Theater Info for Maryland

Tears On Cue

By • Mar 7th, 2012 • Category: An Actor's Advice

You may not be able to produce tears on cue for a stage production, and you shouldn’t worry too much about this. It isn’t indicative of the strength of your performance or of your range as an actor. Unlike staging a punch or giving a kiss, actual tears are a physiological response that some can replicate and some cannot, regardless of how into the scene they are.

Truth be told, some people don’t produce many tears when they are actually upset. So it isn’t surprising that they wouldn’t have an easy time of it while on stage, either. But no matter.

There are a few tricks of course, to produce them, if you must. Drops in the eyes right before one enters works well, though if the tears are to come in the middle of a scene, that becomes rather tricky, and ill-advised. Somewhat easier before one enters as well as during a scene is to refrain from blinking for long enough that the eyes naturally water a bit. Depending on the blocking, of course this also may be problematic. Unblinking eyes can be quite unsettling to an audience member.

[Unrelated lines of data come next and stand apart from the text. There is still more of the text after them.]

Lemma eqC_of_Permutation_atoms w w' : valid Q w -> valid Q w' -> wsrc Q w = wsrc Q w' ->
  Permutation (atoms (warr Q w)) (atoms (warr Q w')) -> eqC Q la ra w w'.
Proof.
  intros Hw Hw' Es P.
  destruct (proj2 (left_div_iff_submultiset_atoms w w' Hw Hw' Es)) as [g [Hg [Eg E]]].
  { rewrite Permutation_multiplicity in P. intros z. rewrite P; auto. }
  assert (Hlen : length (warr Q g) = 0).
  { apply eqC_length in E. apply Permutation_length in P.
    rewrite !length_atoms in P. simpl in E. rewrite length_app in E. lia. }
  destruct w as [a l b], g as [a' [|] b']; try discriminate.
  unfold valid in Hg; simpl in Eg, Hg; subst a' b'.
  rewrite <- E. unfold cat; simpl. rewrite app_nil_r. reflexivity.
Qed.

Lemma structure_left_cancellative : left_cancellative Q la ra.
Proof.
  intros f g g' Hf Hg Hg' E1 E2 E.
  apply atoms_eqC in E; [|apply valid_cat; auto]. simpl in E.
  rewrite !atoms_app in E. apply Permutation_app_inv_l in E.
  apply eqC_of_Permutation_atoms; auto; [congruence|].
  apply (Permutation_map_inj_on _ (fun z => qsrc z = wtgt Q f)) in E; auto.
  - intros z1 z2 H1 H2. eapply lact_path_inj; eauto.
  - intros z Hz. rewrite E1. eapply atoms_src; eauto.
  - intros z Hz. rewrite E2. eapply atoms_src; eauto.
Qed.

Lemma right_lcm_exists f g : valid Q f -> valid Q g -> wsrc Q f = wsrc Q g ->
  exists h, valid Q h /\ left_div Q la ra f h /\ left_div Q la ra g h /\
    forall h', valid Q h' -> left_div Q la ra f h' -> left_div Q la ra g h' ->
      left_div Q la ra h h'.
Proof.
  intros Hf Hg E.
  destruct (multiplicity_max (atoms (warr Q f)) (atoms (warr Q g))) as [M HM].
  destruct (atoms_surj (wsrc Q f) M) as [l [b [Hp P]]].
  { intros z Hz. apply In_multiplicity in Hz. rewrite HM in Hz.
    destruct (Nat.max_spec (multiplicity (atoms (warr Q f)) z)
                           (multiplicity (atoms (warr Q g)) z)) as [[_ Hm]|[_ Hm]];
      rewrite Hm, <- In_multiplicity in Hz; [rewrite E|]; eapply atoms_src; eauto. }
  rewrite Permutation_multiplicity in P.
  assert (Hh : valid Q (W Q (wsrc Q f) l b)) by exact Hp.
  exists (W Q (wsrc Q f) l b). split; [|split; [|split]]; auto.
  - apply left_div_iff_submultiset_atoms; auto. intros z; simpl; rewrite P, HM; lia.
  - apply left_div_iff_submultiset_atoms; auto. intros z; simpl; rewrite P, HM; lia.
  - intros h' Hh' Df Dg. pose proof (left_div_wsrc Q la ra _ _ Df) as Eh'.
    apply left_div_iff_submultiset_atoms in Df, Dg; auto; try congruence.
    apply left_div_iff_submultiset_atoms; auto.
    intros z; simpl; rewrite P, HM. specialize (Df z); specialize (Dg z); lia.
Qed.

(** * An affine action of C(σ) *)

Definition supported (a : qobj Q) (m : qarr Q -> Z) : Prop :=
  forall z, qsrc z <> a -> m z = 0%Z.

(* Inverse of [la x] on the arrows with source [qsrc x]; junk elsewhere. *)
Definition lact_inv (x z : qarr Q) : qarr Q :=
  epsilon (inhabits x) (fun y => qsrc y = qtgt x /\ la x y = z).

Lemma lact_inv_spec x z : qsrc z = qsrc x ->
  qsrc (lact_inv x z) = qtgt x /\ la x (lact_inv x z) = z.
Proof.
  intros Hz. unfold lact_inv. apply epsilon_spec.
  destruct (lact_surj x z Hz) as [y Hy]. exists y; auto.
Qed.

Lemma lact_inv_iff x y z : qsrc y = qtgt x -> qsrc z = qsrc x ->
  lact_inv x z = y <-> z = la x y.
Proof.
  intros Hy Hz. destruct (lact_inv_spec x z Hz) as [A B]. split; intros E.
  - rewrite <- E; auto.
  - apply (lact_inj x); congruence.
Qed.

Lemma lact_inv_braid x y z : composable x y -> qsrc z = qsrc x ->
  lact_inv (ra x y) (lact_inv (la x y) z) = lact_inv y (lact_inv x z).
Proof.
  intros Hxy Hz. pose proof HY as [Hst [Hbr _]].
  destruct (Hst x y Hxy) as [Sa [Sab Sb]]. unfold composable in *.
  destruct (lact_inv_spec x z Hz) as [A1 A2].
  destruct (lact_inv_spec y (lact_inv x z) ltac:(congruence)) as [B1 B2].
  set (w := lact_inv y (lact_inv x z)) in *.
  destruct (Hst (ra x y) w ltac:(red; congruence)) as [Sbw _].
  assert (E : lact_inv (la x y) z = la (ra x y) w).
  { apply lact_inv_iff; try congruence.
    specialize (Hbr x y w Hxy ltac:(congruence)). simpl in Hbr.
    injection Hbr as Hb _ _. rewrite Hb, B2, A2. reflexivity. }
  rewrite E. apply lact_inv_iff; congruence.
Qed.

Definition indicator (P : Prop) : Z := if excluded_middle_informative P then 1%Z else 0%Z.

Lemma indicator_iff (P P' : Prop) : (P <-> P') -> indicator P = indicator P'.
Proof.
  intros H. unfold indicator.
  destruct (excluded_middle_informative P), (excluded_middle_informative P'); tauto.
Qed.

(* How multiplicities of atoms transform under [atoms (x :: u) = x :: map (la x) (atoms u)];
   unlike [atoms], this is invertible, so it defines a functor into a groupoid. *)
Definition arrow_action (x : qarr Q) (m : qarr Q -> Z) : qarr Q -> Z :=
  fun z => if excluded_middle_informative (qsrc z = qsrc x)
           then (indicator (z = x) + m (lact_inv x z))%Z else 0%Z.

Definition path_action (l : list (qarr Q)) (m : qarr Q -> Z) : qarr Q -> Z :=
  fold_right arrow_action m l.

Lemma path_action_supported a l b m : is_path Q a l b -> supported b m ->
  supported a (path_action l m).
Proof.
  destruct l as [|x u]; simpl; intros Hp Hm.
  - subst; auto.
  - destruct Hp as [<- _]. intros z Hz. unfold arrow_action.
    destruct excluded_middle_informative; tauto.
Qed.

Lemma arrow_action_inj x m1 m2 : supported (qtgt x) m1 -> supported (qtgt x) m2 ->
  arrow_action x m1 = arrow_action x m2 -> m1 = m2.
Proof.
  intros H1 H2 E. apply functional_extensionality. intros y.
  destruct (excluded_middle_informative (qsrc y = qtgt x)) as [e|n].
  2:{ rewrite H1, H2; auto. }
  assert (Hs : qsrc (la x y) = qsrc x) by (apply lact_src; auto).
  apply (f_equal (fun f => f (la x y))) in E. unfold arrow_action in E.
  destruct excluded_middle_informative; [|contradiction].
  rewrite (proj2 (lact_inv_iff x y _ e Hs) eq_refl) in E. lia.
Qed.

Lemma arrow_action_surj x m' : supported (qsrc x) m' ->
  exists m, supported (qtgt x) m /\ arrow_action x m = m'.
Proof.
  intros H.
  exists (fun y => if excluded_middle_informative (qsrc y = qtgt x)
           then (m' (la x y) - indicator (la x y = x))%Z else 0%Z).
  split.
  - intros y Hy. destruct excluded_middle_informative; tauto.
  - apply functional_extensionality. intros z. unfold arrow_action.
    destruct (excluded_middle_informative (qsrc z = qsrc x)) as [e|n].
    + destruct (lact_inv_spec x z e) as [A B].
      destruct excluded_middle_informative; [|contradiction]. rewrite B. lia.
    + rewrite H; auto.
Qed.

Lemma path_action_inj a l b m1 m2 : is_path Q a l b -> supported b m1 -> supported b m2 ->
  path_action l m1 = path_action l m2 -> m1 = m2.
Proof.
  revert a; induction l as [|x u IH]; simpl; intros a Hp H1 H2 E; auto.
  destruct Hp as [_ Hp]. apply (IH _ Hp H1 H2).
  apply (arrow_action_inj x); auto; eapply path_action_supported; eauto.
Qed.

Lemma path_action_surj a l b m' : is_path Q a l b -> supported a m' ->
  exists m, supported b m /\ path_action l m = m'.
Proof.
  revert a m'; induction l as [|x u IH]; simpl; intros a m' Hp H.
  - subst. exists m'; auto.
  - destruct Hp as [<- Hp]. destruct (arrow_action_surj x m' H) as [m1 [Y1 <-]].
    destruct (IH _ m1 Hp Y1) as [m [Y <-]]. exists m; auto.
Qed.

Lemma arrow_action_braid x y m : composable x y -> supported (qtgt y) m ->
  arrow_action x (arrow_action y m) = arrow_action (la x y) (arrow_action (ra x y) m).
Proof.
  intros Hxy Hm. pose proof HY as [Hst [_ [Hinv _]]].
  destruct (Hst x y Hxy) as [Sa [Sab Sb]]. destruct (Hinv x y Hxy) as [I1 _].
  unfold composable in *. apply functional_extensionality. intros z. unfold arrow_action.
  destruct (excluded_middle_informative (qsrc z = qsrc x)) as [e|n];
  destruct (excluded_middle_informative (qsrc z = qsrc (la x y))) as [e'|n']; try congruence.
  destruct (lact_inv_spec x z e) as [A1 _]. destruct (lact_inv_spec _ z e') as [B1 _].
  do 2 (destruct excluded_middle_informative; [|congruence]).
  rewrite lact_inv_braid by auto.
  (* Both sides count [z = x] and [z = x ⇀ y]; on the right, [x] is (x ⇀ y) ⇀ (x ↼ y). *)
  rewrite (indicator_iff (lact_inv x z = y) (z = la x y)) by (apply lact_inv_iff; congruence).
  rewrite (indicator_iff (lact_inv (la x y) z = ra x y) (z = x))
    by (rewrite lact_inv_iff, I1 by congruence; tauto).
  lia.
Qed.

Lemma path_action_eqC w w' m : eqC Q la ra w w' -> valid Q w -> supported (wtgt Q w) m ->
  path_action (warr Q w) m = path_action (warr Q w') m.
Proof.
  intros E. revert m. induction E as [w w' [a b p q x y Hxy]| | w w' H IH | w1 w2 w3 H1 IH1 H2 IH2];
    intros m Hv Hm.
  - unfold path_action in *; simpl in *. rewrite !fold_right_app. f_equal.
    apply is_path_app in Hv as [c [_ [_ [_ Hq]]]].
    apply arrow_action_braid; auto. eapply path_action_supported; eauto.
  - auto.
  - symmetry. apply IH.
    + apply (eqC_valid Q la ra w w' YB_st_preserving H); auto.
    + rewrite (eqC_wtgt Q la ra w w' H); auto.
  - rewrite (IH1 m Hv Hm). apply IH2.
    + apply (eqC_valid Q la ra w1 w2 YB_st_preserving H1); auto.
    + rewrite <- (eqC_wtgt Q la ra w1 w2 H1); auto.
Qed.

Lemma path_action_zero a l b : is_path Q a l b ->
  path_action l (fun _ => 0%Z) = fun z => Z.of_nat (multiplicity (atoms l) z).
Proof.
  revert a; induction l as [|x u IH]; intros a Hp; [reflexivity|].
  destruct Hp as [Hs Hp].
  change (arrow_action x (path_action u (fun _ => 0%Z)) =
          fun z => Z.of_nat (multiplicity (x :: map (la x) (atoms u)) z)).
  rewrite (IH _ Hp). apply functional_extensionality; intros z. unfold arrow_action.
  rewrite multiplicity_cons. unfold indicator.
  destruct (excluded_middle_informative (qsrc z = qsrc x)) as [e|n].
  - destruct (lact_inv_spec x z e) as [A B].
    rewrite <- (multiplicity_map_inj_on (la x) (fun y => qsrc y = qtgt x)), B;
      eauto using lact_inj, atoms_src.
    do 2 destruct excluded_middle_informative; subst; try congruence; lia.
  - destruct excluded_middle_informative; [congruence|].
    rewrite multiplicity_not_In; auto. intros Hz. apply in_map_iff in Hz as [y [<- Hy]].
    apply n, lact_src. eapply atoms_src; eauto.
Qed.

Let action_groupoid := bij_groupoid (qobj Q) (qarr Q -> Z) supported.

I wouldn’t recommend sticking one’s self surreptitiously with a pin or any other such methods with a high possibility of pain. It could work quite often, but you’re an actor, not a martyr. Plus the pain has to be braced for, and that can cause tension where relaxation is required. It could also distract one from the scene. (Not to mention creep out your scene partners. I know I’d be creeped out if I knew someone else in the scene with me were doing or about to do this just to manufacture tears.)

The key is to remember that tears are in fact merely one part of weeping. In fact, they are probably the smallest part of weeping. Consider the last time you cried, and all sorts of forces and feelings will come to mind. The lump in your throat, the constricting of your abdomen. The grimacing of your facial muscles that is almost involuntary. If you’re like many people you start to cover your mouth, or hide your whole face once it begins. Your nose might run. If you invoke all of these actions (and others, think of some more!), you will present an accurate portrayal of weeping to an audience. Especially if all of the above are expertly motivated by your in-depth, well researched understanding of the character you are playing, and the circumstances in which they find themselves.

Concentrate on invoking the image of someone moved to weeping while on stage, instead of invoking active ducts. If you do that, your audience will still be moved by your character’s plight. And there will be no reason to shed tears over a lack of tears.